On 29 March, Anne – we know only her first name – killed herself because she was fed up with modern life. She was 89 and not terminally ill – just terminally sick of email and irritated by the rise of ready-meals. She fretted about the environment and thought the internet age had made us all “robots”. I have moments where I know exactly how she felt. Rather worryingly, don’t we all?
What intelligent person doesn’t log-on to their computer from time-to-time, staring at the sea of work demands, nags, passive-aggressive reminders and sponsorship begging, only to dream of a bygone age where people contacted us mainly by second-class post?
And so many people can’t peel a potato these days –can’t even feed themselves. I saw it on TV. Kids can’t even recognise a carrot even when Jamie Oliver is holding the aforementioned long pointy-ended orange vegetable while dressed as a carrot himself.
Oh it makes me depressed. Modern life can be horrific, But because I am young – ok I’m 40 – and modern life can also be incredible. It’s full of WhatsApp chats, feminist triumphs, dancing to Destiny’s Child at 3am in stupid nightclubs, long-haul holidays, speedy Ocado deliveries, and, not least, it’s filled with full-time work which fools me into feeling I have great world‑changing purpose.
It seems that Anne, being 89, didn’t have as many of the good bits. The silly bits and the purposeful bits had evaporated, so she ended up drinking a lethal cocktail of barbiturates at a Dignitas clinic and passed away “with quiet determination”, according to Michael Irwin, the founder of the Society for Old Age Rational Suicide.

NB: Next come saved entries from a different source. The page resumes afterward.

Definition s_of (N : nat) (r : R) : R :=
  Rpower (INR (N - 2) * tail_int N r) (- / INR (N - 2)).

Definition r_of (N : nat) (s : R) : R :=
  epsilon (inhabits 0) (fun r => 0 < r /\ s_of N r = s).

Definition rho (N : nat) (s : R) : R :=
  (sinh (r_of N s) / s) ^ (2 * (N - 1)).

Definition lap (N : nat) (v : R -> R) (s : R) : R :=
  Derive_n v 2 s + INR (N - 1) / s * Derive v s.

Definition smooth (v : R -> R) : Prop := forall (k : nat) (x : R), ex_derive_n v k x.

(* Under the substitution [s = s(r)], i.e. [ds / s^(N-1) = dr / sinh^(N-1) r], the function
   [u = v o s] satisfies [(1/rho) (lap v)^2 s^(N-1) ds = (L u)^2 sinh^(N-1) r dr], where
   [L u = u'' + (N-1) coth r u'] is the radial Laplacian of hyperbolic space, and
   [rho v^2 s^(N-1) ds = u^2 sinh^(N-1) r dr]. The claim is therefore the radial Rellich
   inequality on hyperbolic space for [u], which holds pointwise up to an exact derivative:
   with [n = N-1], the integrand [(L u)^2 - n^4/16 u^2 - 9/16 u^2/r^4 - n^2/8 u^2/r^2] is a
   sum of squares, nonnegative as soon as [n >= 4], plus [sinh^(-n) (sinh^n Phi)'] for a flux
   [Phi] that vanishes wherever [u] and [u'] do, in particular at the ends of the support. *)

From Stdlib Require Import Reals Lra Lia ClassicalEpsilon.
From Coquelicot Require Import Coquelicot.
Open Scope R_scope.

(* Coquelicot's lemmas for an arbitrary normed module, specialized to [R -> R] so that
   [apply] can infer the module structure and match [*] rather than [scal]. *)
Lemma ex_RInt_R (f : R -> R) a b :
  (forall z, Rmin a b <= z <= Rmax a b -> continuous f z) -> ex_RInt f a b.
Proof. exact (ex_RInt_continuous f a b). Qed.

Lemma ex_derive_continuous_R (f : R -> R) x : ex_derive f x -> continuous f x.
Proof. exact (ex_derive_continuous f x). Qed.

Lemma RInt_Chasles_R (f : R -> R) a b c :
  ex_RInt f a b -> ex_RInt f b c -> RInt f a b + RInt f b c = RInt f a c.
Proof. exact (RInt_Chasles f a b c). Qed.

Lemma RInt_correct_R (f : R -> R) a b : ex_RInt f a b -> is_RInt f a b (RInt f a b).
Proof. exact (RInt_correct f a b). Qed.

Lemma RInt_comp_R (f g dg : R -> R) a b :
  (forall x, Rmin a b <= x <= Rmax a b -> continuous f (g x)) ->
  (forall x, Rmin a b <= x <= Rmax a b -> is_derive g x (dg x) /\ continuous dg x) ->
  RInt (fun y => dg y * f (g y)) a b = RInt f (g a) (g b).
Proof. exact (RInt_comp f g dg a b). Qed.

Lemma locally_pos r : 0 < r -> locally r (fun y => 0 < y).
Proof.
  intros Hr; exists (mkposreal r Hr); intros y Hy.
  unfold ball in Hy; simpl in Hy; unfold AbsRing_ball, abs, minus, plus, opp in Hy; simpl in Hy.
  apply Rabs_lt_between in Hy; lra.
Qed.

Lemma continuity_pt_pow_comp (f : R -> R) k x :
  continuity_pt f x -> continuity_pt (fun y => f y ^ k) x.
Proof.
  intros Hf. apply (continuity_pt_comp f (fun z => z ^ k)); [assumption |].
  apply derivable_continuous_pt, derivable_pt_pow.
Qed.

(* [continuity_pt_pow_comp] must be tried before [continuity_pt_mult], which also matches
   [f y ^ k] by unfolding [pow]. *)
Ltac continuity_pt_tac :=
  repeat first
    [ assumption
    | solve [apply continuity_pt_const; intros ? ?; reflexivity]
    | apply continuity_pt_id
    | apply continuity_pt_pow_comp
    | apply continuity_pt_plus
    | apply continuity_pt_minus
    | apply continuity_pt_opp
    | apply continuity_pt_mult
    | apply continuity_pt_inv ].

Lemma continuity_pt_Derive_n v k x : smooth v -> continuity_pt (Derive_n v k) x.
Proof. intros Hv; apply continuity_pt_filterlim, ex_derive_continuous_R, (Hv (S k)). Qed.

Lemma RInt_sub_lin3 (f g1 g2 g3 : R -> R) k1 k2 k3 a b :
  ex_RInt f a b -> ex_RInt g1 a b -> ex_RInt g2 a b -> ex_RInt g3 a b ->
  RInt (fun x => f x - (k1 * g1 x + k2 * g2 x + k3 * g3 x)) a b
  = RInt f a b - (k1 * RInt g1 a b + k2 * RInt g2 a b + k3 * RInt g3 a b).
Proof.
  intros Hf H1 H2 H3. apply is_RInt_unique.
  apply (is_RInt_minus (V := R_NormedModule)); [now apply RInt_correct_R |].
  apply (is_RInt_plus (V := R_NormedModule)); [apply (is_RInt_plus (V := R_NormedModule)) |];
    apply (is_RInt_scal (V := R_NormedModule)); now apply RInt_correct_R.
Qed.

(* [r |-> RInt h ra r - flux r] has derivative [q >= 0], so it is nondecreasing. *)
Lemma RInt_ge_0_of_flux (h flux q : R -> R) ra rb :
  0 < ra < rb ->
  (forall r, 0 < r -> continuous h r) ->
  (forall r, 0 < r -> is_derive flux r (h r - q r)) ->
  (forall r, 0 < r -> 0 <= q r) ->
  flux ra = 0 -> flux rb = 0 -> 0 <= RInt h ra rb.
Proof.
  intros Hr Hh Hflux Hq Ha Hb.
  assert (Hd : forall x, 0 < x -> is_derive (fun r => RInt h ra r - flux r) x (q x)).
  { intros x Hx.
    assert (Hi : is_derive (fun r => RInt h ra r) x (h x)).
    { apply (is_derive_RInt (V := R_NormedModule) h _ ra x); [| now apply Hh].
      apply (filter_imp (fun y => 0 < y)); [| now apply locally_pos].
      intros y Hy; apply RInt_correct_R, ex_RInt_R; intros z Hz; apply Hh.
      pose proof (Rmin_glb_lt ra y 0 (proj1 Hr) Hy); lra. }
    replace (q x) with (h x - (h x - q x)) by ring.
    apply (is_derive_minus (fun r => RInt h ra r) flux); [exact Hi | now apply Hflux]. }
  destruct (MVT_gen (fun r => RInt h ra r - flux r) ra rb q) as [c [Hc Hmvt]].
  - intros x Hx; rewrite Rmin_left in Hx by lra; apply Hd; lra.
  - intros x Hx; rewrite Rmin_left in Hx by lra.
    apply continuity_pt_filterlim, (ex_derive_continuous_R (fun r => RInt h ra r - flux r)).
    exists (q x); apply Hd; lra.
  - rewrite Rmin_left in Hc by lra. rewrite Ha, Hb, RInt_point in Hmvt.
    pose proof (Hq c ltac:(lra)). unfold zero in Hmvt; simpl in Hmvt. nra.
Qed.

Lemma smooth_support_boundary v a b c :
  smooth v -> (forall x, x < a \/ b < x -> v x = 0) -> c = a \/ c = b ->
  v c = 0 /\ Derive v c = 0.
Proof.
  intros Hv Hsupp Hc.
  assert (Hnear : forall d, 0 < d -> exists x, Rabs (x - c) < d /\ v x = 0 /\ Derive v x = 0).
  { intros d Hd.
    assert (Hx : exists x, Rabs (x - c) < d /\ forall y, Rabs (y - x) < d / 2 -> y < a \/ b < y).
    { destruct Hc as [-> | ->]; [exists (a - d / 2) | exists (b + d / 2)];
        (split; [apply Rabs_lt_between; lra |]);
        intros y Hy; apply Rabs_lt_between in Hy; lra. }
    destruct Hx as [x [Hxc Hout]].
    exists x; repeat split; [assumption | apply Hsupp, Hout; rewrite Rminus_eq_0, Rabs_R0; lra |].
    rewrite (Derive_ext_loc v (fun _ => 0)); [apply Derive_const |].
    exists (mkposreal (d / 2) ltac:(lra)); intros y Hy; apply Hsupp, Hout, Hy. }
  assert (Hzero : forall g : R -> R, continuity_pt g c ->
            (forall d, 0 < d -> exists x, Rabs (x - c) < d /\ g x = 0) -> g c = 0).
  { intros g Hg Hg0. destruct (Req_dec (g c) 0) as [| Hne]; [assumption | exfalso].
    destruct (Hg (Rabs (g c)) ltac:(now apply Rabs_pos_lt)) as [d [Hd Hball]].
    destruct (Hg0 d Hd) as [x [Hxc Hgx]].
    destruct (Req_dec x c) as [-> | Hxc']; [lra |].
    assert (Hlt := Hball x (conj (conj I (not_eq_sym Hxc')) Hxc)).
    simpl in Hlt; unfold R_dist in Hlt; rewrite Hgx, Rminus_0_l, Rabs_Ropp in Hlt; lra. }
  split; apply Hzero.
  - exact (continuity_pt_Derive_n v 0 c Hv).
  - intros d Hd; destruct (Hnear d Hd) as [x [? [? _]]]; now exists x.
  - exact (continuity_pt_Derive_n v 1 c Hv).
  - intros d Hd; destruct (Hnear d Hd) as [x [? [_ ?]]]; now exists x.
Qed.

(** * Improper integrals of positive functions *)

Definition improper_RInt (f : R -> R) (r : R) : R :=
  real (Lim (fun T => RInt f r T) p_infty).

Section ImproperIntegral.

Variables f B : R -> R.
Hypothesis f_pos : forall x, 0 < x -> 0 < f x.
Hypothesis f_cont : forall x, 0 < x -> continuous f x.
Hypothesis RInt_f_le : forall x y, 1 <= x <= y -> RInt f x y <= B x.

Lemma ex_RInt_pos x y : 0 < x -> 0 < y -> ex_RInt f x y.
Proof.
  intros Hx Hy; apply ex_RInt_R; intros z Hz; apply f_cont.
  pose proof (Rmin_glb_lt x y 0 Hx Hy); lra.
Qed.

Lemma RInt_pos_ge_0 x y : 0 < x <= y -> 0 <= RInt f x y.
Proof.
  intros Hxy; apply RInt_ge_0; [lra | apply ex_RInt_pos; lra |].
  intros z Hz; left; apply f_pos; lra.
Qed.

Lemma RInt_Chasles_pos x y z :
  0 < x -> 0 < y -> 0 < z -> RInt f x y + RInt f y z = RInt f x z.
Proof. intros; apply RInt_Chasles_R; apply ex_RInt_pos; assumption. Qed.

Lemma ex_lim_seq_RInt_from_1 :
  exists l : R, is_lim_seq (fun n => RInt f 1 (INR n + 1)) l.
Proof.
  pose proof pos_INR as HINR.
  set (u n := RInt f 1 (INR n + 1)).
  assert (Hincr : forall n, u n <= u (S n)).
  { intros n; unfold u; rewrite S_INR.
    rewrite <- (RInt_Chasles_pos 1 (INR n + 1) (INR n + 1 + 1)) by (specialize (HINR n); lra).
    assert (0 <= RInt f (INR n + 1) (INR n + 1 + 1)); [|lra].
    apply RInt_pos_ge_0; specialize (HINR n); lra. }
  pose proof (Lim_seq_correct u (ex_lim_seq_incr u Hincr)) as Hlim.
  assert (Hle := is_lim_seq_le u (fun _ => B 1) _ _
    (fun n => RInt_f_le 1 (INR n + 1) ltac:(specialize (HINR n); lra)) Hlim (is_lim_seq_const _)).
  assert (Hge := is_lim_seq_le (fun _ => 0) u _ _
    (fun n => RInt_pos_ge_0 1 (INR n + 1) ltac:(specialize (HINR n); lra)) (is_lim_seq_const _) Hlim).
  destruct (Lim_seq u) as [l| |]; simpl in Hle, Hge; try contradiction.
  now exists l.
Qed.

(* [Lim g p_infty] is by definition [Lim_seq (fun n => g (INR n))]. *)
Lemma is_lim_seq_RInt r :
  0 < r -> is_lim_seq (fun n => RInt f r (INR n)) (improper_RInt f r).
Proof.
  intros Hr. destruct ex_lim_seq_RInt_from_1 as [l Hl].
  assert (H : is_lim_seq (fun n => RInt f r (INR n)) (RInt f r 1 + l)).
  { apply is_lim_seq_incr_1.
    apply (is_lim_seq_ext (fun n => RInt f r 1 + RInt f 1 (INR n + 1))).
    - intros n; rewrite S_INR; apply RInt_Chasles_pos; pose proof (pos_INR n); lra.
    - apply is_lim_seq_plus'; [apply is_lim_seq_const | exact Hl]. }
  unfold improper_RInt, Lim; simpl.
  now rewrite (is_lim_seq_unique _ _ H).
Qed.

When Anne was younger she was a Royal Navy Engineer and had also taught art. Her pre-death interview indicates that she was an erudite woman, not in pain, who was in fact killing herself because she was bewildered and deflated by an ever-changing world. She sounds, to me, depressed. I’d prefer Citalopram, not organised suicide, for the elderly. We cannot, I feel, condone suicide for elderly people who are just a bit sick of it all.

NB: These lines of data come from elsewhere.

Section StackedProcess.
Context {R : realType} {d : measure_display} {Omega : measurableType d}.
Context {Sigma : finType} (u : Sigma -> int -> Omega -> R) (pr : Sigma -> R).
Context {p l : nat} (z : int -> 'I_p -> Omega -> R) (h : int -> 'I_l -> Omega -> R).

Lemma stack_l t i : stack z h t (lshift l i) = z t i.
Proof. by rewrite /stack (@unsplitK p l (inl i)). Qed.

Lemma zw_stack_l w t i : zw u pr (stack z h) w t (lshift l i) = zw u pr z w t i.
Proof. by rewrite /zw stack_l. Qed.

Lemma zw_stack_r w t j : zw u pr (stack z h) w t (rshift p j) = zw u pr h w t j.
Proof. by rewrite /zw /stack (@unsplitK p l (inr j)). Qed.

End StackedProcess.

Theorem mainTheorem5 (R : realType) (d : measure_display) (Omega : measurableType d)
  (P : probability Omega R) (Sigma : finType)
  (u : Sigma -> int -> Omega -> R) (pr : Sigma -> R) (alpha : Sigma -> R)
  (L : pred (seq Sigma)) (p l : nat)
  (z : int -> 'I_p -> Omega -> R) (h : int -> 'I_l -> Omega -> R) :
  (forall s, 0 < pr s) ->
  input_ok P u alpha ->
  admissible P u L ->
  RC P u pr L (stack z h) ->
  (forall (t : int) (i : 'I_p), orth P (z t i) (H_t P u pr h t)) ->
  forall (w : seq Sigma) (t : int) (i : 'I_p), w != [::] ->
    orth P (zw u pr z w t i) (H_tw P u pr h t w).
Proof.
move=> _ _ _ [[_ mean_zw _ mean_zwzw] RC2s RC3s] orth_z w t i wne.
have zw_in_H v j t' : v != [::] -> H_t P u pr h t' (zw u pr h v t' j).
  move=> vne; apply: hilbert_gen_mem; first by exists v, j.
  by have := (mean_zw v t' (rshift p j) vne).1; rewrite zw_stack_r; apply: finite_mean_measurable.
have Lmx_zh v j : v != [::] -> Lmx P u pr (stack z h) v (lshift l i) (rshift p j) = 0.
  by move=> vne; rewrite /Lmx stack_l zw_stack_r; exact: (orth_z 0 i _ (zw_in_H v j 0 vne)).2.
apply: orth_hilbert_gen.
- move=> _ [v [j [vne ->]]].
  have vwne : v ++ w != [::] by case: (v) vne.
  have [mean_prod cov] := mean_zwzw w (v ++ w) t (lshift l i) (rshift p j) wne vwne.
  rewrite zw_stack_l zw_stack_r in mean_prod cov; split; rewrite ?cov //.
  exact: Tmx_cat_eq0 RC2s RC3s vne (Lmx_zh v j vne) w wne.
- by have := (mean_zw w t (lshift l i) wne).1; rewrite zw_stack_l; apply: finite_mean_measurable.
- have := (mean_zwzw w w t (lshift l i) (lshift l i) wne wne).1; rewrite zw_stack_l.
  by apply: eq_integrable => // x _; rewrite /= expr2.
Qed.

I have quietly supported assisted suicide for years. I haven’t loudly supported it because giving an increasingly free hand to people like Dignitas in an age of worldwide rising mental-health problems always felt precarious. Still, assisted suicide for the gravely sick, for those in a degenerative state, for those in the ghoulish grips of endless pain – this I can understand.

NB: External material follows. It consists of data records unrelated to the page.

From mathcomp Require Import all_boot all_order all_algebra.
From mathcomp Require Import ring zify.
Set Implicit Arguments. Unset Strict Implicit. Unset Printing Implicit Defensive.
Import Order.TTheory GRing.Theory Num.Theory.
Local Open Scope ring_scope.

(* A unit-demand firm only ever chooses sets W^v, so every demand vector is
   ind(W^x) - ind(W^y) for two vertices x, y.  A specialist w belongs to W^v
   exactly when v lies in the subtree below the head of the unique edge
   hiring w; hence row w of any square submatrix reads [x_j in L_w] -
   [y_j in L_w] for a subtree L_w, and subtrees form a laminar family.  Such
   "cut matrices" of a laminar family are totally unimodular: subtracting from
   the row of L_a the row of a largest proper subset L_b preserves the
   determinant and laminarity while shrinking the family, until it becomes
   disjoint; then either some column has a single nonzero entry (expand along
   it) or all column sums vanish. *)

Lemma sign3M (a b : int) :
  a \in [:: 0; 1; -1] -> b \in [:: 0; 1; -1] -> a * b \in [:: 0; 1; -1].
Proof. by rewrite !inE => /or3P[]/eqP-> /or3P[]/eqP->. Qed.

Lemma signr_sign3 n : (-1) ^+ n \in [:: 0; 1; -1 :> int].
Proof. by rewrite -signr_odd; case: odd. Qed.

Section Determinants.

Variable R : comPzRingType.

Lemma det_col_sum0 n (A : 'M[R]_n.+1) : (forall j, \sum_i A i j = 0) -> \det A = 0.
Proof.
move=> col_sum0.
have sumA0 : const_mx 1 *m A = 0 :> 'rV_n.+1.
  apply/rowP => j; rewrite !mxE -[RHS](col_sum0 j); apply: eq_bigr => i _.
  by rewrite mxE mul1r.
have := congr1 (mulmx^~ (\adj A)) sumA0.
rewrite -mulmxA mul_mx_adj mul0mx mul_mx_scalar => /rowP/(_ 0).
by rewrite !mxE mulr1.
Qed.

Lemma expand_det_col1 n (A : 'M[R]_n.+1) i0 j :
  (forall i, i != i0 -> A i j = 0) -> \det A = A i0 j * cofactor A i0 j.
Proof.
move=> col_j0; rewrite (expand_det_col A j) (bigD1 i0) //= big1 ?addr0 // => i.
by move/col_j0->; rewrite mul0r.
Qed.

Lemma det_sub_row n (A B : 'M[R]_n) i a : i != a ->
  row a B = row a A - row i A -> row' a B = row' a A -> \det B = \det A.
Proof.
move=> ia rowB row'B.
pose C := \matrix_(r, c) (if r == a then A i c else A r c).
have detC : \det C = 0.
  by apply: (determinant_alternate ia) => c; rewrite !mxE eqxx (negbTE ia).
have rowC : row a C = row i A by apply/rowP => c; rewrite !mxE eqxx.
have row'C : row' a C = row' a A.
  by apply/matrixP => r c; rewrite !mxE eq_sym (negbTE (neq_lift _ _)).
rewrite (determinant_multilinear (B := A) (C := C) (i0 := a) (b := 1) (c := -1)).
- by rewrite detC mulr0 addr0 mul1r.
- by rewrite rowC scale1r scaleN1r.
- by rewrite row'B.
- by rewrite row'C row'B.
Qed.

End Determinants.

Lemma fconnect_comparable (T : finType) (f : T -> T) x y z :
  fconnect f x y -> fconnect f x z -> fconnect f y z || fconnect f z y.
Proof.
move=> /iter_findex <- /iter_findex <-.
case: (leqP (findex f x y) (findex f x z)) => [le_yz | /ltnW le_zy].
  by rewrite -(subnK le_yz) iterD fconnect_iter.
by rewrite -(subnK le_zy) iterD fconnect_iter orbT.
Qed.

Section CutMatrix.

Variable T : finType.

Definition cut_mx k (L : 'I_k -> {set T}) (u v : 'I_k -> T) : 'M[int]_k :=
  \matrix_(i, j) (((u j \in L i) : nat)%:Z - ((v j \in L i) : nat)%:Z).

Definition laminar k (L : 'I_k -> {set T}) :=
  forall i j, [|| L i \subset L j, L j \subset L i | [disjoint L i & L j]].

Lemma cut_mx_sign3 k (L : 'I_k -> {set T}) u v i j :
  cut_mx L u v i j \in [:: 0; 1; -1].
Proof. by rewrite mxE; case: (u j \in L i); case: (v j \in L i). Qed.

Lemma cut_mx_minor k (L : 'I_k.+1 -> {set T}) u v i0 j0 :
  row' i0 (col' j0 (cut_mx L u v)) =
    cut_mx (L \o lift i0) (u \o lift j0) (v \o lift j0).
Proof. by apply/matrixP => i j; rewrite !mxE. Qed.

Section DisjointFamily.

Variables (k : nat) (L : 'I_k -> {set T}).
Hypothesis disjL : forall i j, i != j -> [disjoint L i & L j].

Lemma notin_disjoint_family x i0 i : x \in L i0 -> i != i0 -> x \notin L i.
Proof. by move=> xi0 ii0; rewrite (disjointFl (disjL ii0) xi0). Qed.

Lemma sum_mem_disjoint_family x :
  \sum_i ((x \in L i) : nat)%:Z = ([exists i, x \in L i] : nat)%:Z.
Proof.
case: existsP => [[i0 xi0]|xNL].
  rewrite (bigD1 i0) //= xi0 big1 ?addr0 // => i ii0.
  by rewrite (negbTE (notin_disjoint_family xi0 ii0)).
by rewrite big1 // => i _; case: (boolP (x \in L i)) => // xi; case: xNL; exists i.
Qed.

End DisjointFamily.

Lemma det_cut_mx_disjoint k (L : 'I_k -> {set T}) u v :
  (forall i j, i != j -> [disjoint L i & L j]) ->
  \det (cut_mx L u v) \in [:: 0; 1; -1].
Proof.
elim: k L u v => [|k IHk] L u v disjL; first by rewrite det_mx00 !inE.
pose covered x := [exists i, x \in L i].
have [/existsP[j cov_j] | /existsPn cov_eq] :=
  boolP [exists j, covered (u j) != covered (v j)].
  have [i0 off_i0] : exists i0, forall i, i != i0 -> cut_mx L u v i j = 0.
    move: cov_j; rewrite /covered.
    case: existsP => [[i0 ui0]|uNL]; case: existsP => [[i1 vi1]|vNL] // _.
      exists i0 => i ii0; rewrite mxE (negbTE (notin_disjoint_family disjL ui0 ii0)).
      by case: (boolP (v j \in L i)) => // vi; case: vNL; exists i.
    exists i1 => i ii1; rewrite mxE (negbTE (notin_disjoint_family disjL vi1 ii1)).
    by case: (boolP (u j \in L i)) => // ui; case: uNL; exists i.
  rewrite (expand_det_col1 off_i0) /cofactor cut_mx_minor.
  rewrite sign3M ?cut_mx_sign3 // sign3M ?signr_sign3 // IHk // => i i' ii'.
  by apply: disjL; rewrite (inj_eq lift_inj).
apply/eqP; rewrite det_col_sum0 ?inE // => j.
under eq_bigr do rewrite mxE.
rewrite sumrB !sum_mem_disjoint_family // -/(covered (u j)) -/(covered (v j)).
by move/negPn/eqP: (cov_eq j) => ->; rewrite subrr.
Qed.

Lemma det_cut_mx_setD k (L : 'I_k -> {set T}) u v a b :
  b != a -> L b \subset L a ->
  \det (cut_mx [eta L with a |-> L a :\: L b] u v) = \det (cut_mx L u v).
Proof.
move=> ba sub_ba; apply: (det_sub_row ba).
  apply/rowP => j; rewrite !mxE /= eqxx !inE.
  case: (boolP (u j \in L b)) => [/(subsetP sub_ba)-> | _];
  case: (boolP (v j \in L b)) => [/(subsetP sub_ba)-> | _] /=; ring.
by apply/matrixP => i j; rewrite !mxE /= eq_sym (negbTE (neq_lift _ _)).
Qed.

It is difficult to watch a documentary such as Louis Theroux’s Edge of Life – involving dying cancer patients – and feel that a little help in pushing people kindly into “that good night” is wrong. But elderly, downcast people who just can’t see “the point”? They should be cheered up, made to feel included, cherished, and – if needs be – medicated for their mood-dips.
As family members become elderly, the journey is tricky. Increasingly one becomes the adult and they become the child. They become stubborn and at times unable to be reasoned with. You become infuriated, they become isolated. Once proud, diligent people become increasingly likely to let burglars into their house, to respond to telephone scams, to stop feeding and caring for themselves, and now – in Anne’s case – people are planning their own suicide because they are sick of the rise of emails and the lack of the human touch.
In Anne’s request to Dignitas, she referred to her lack of energy, and she said that declining health had left her with “a life with no enviable future.” She said of the modern age: “I find myself swimming against the current. If you can’t join them, get off.”
I have a dream about what an old folks’ home might be like when I reach the age of 89. It’s a jolly, stimulating place where a load of us old gits watch Mad Men and Seinfeld from the beginning in a warm TV room. There will be nice snacks. There’s a music room for us all to bring vinyl and jabber on about our days of clubbing. There’s decent food, good, cheery nurses, days out at the pub, romances, projects and visitors for everyone as we all have a bit of a laugh before popping off – one by one – to the infinite heavenly nothing. It’s a small dream of feeling purposeful and included to the end.
I’m sorry that Anne didn’t feel like that. I hope others won’t copy her.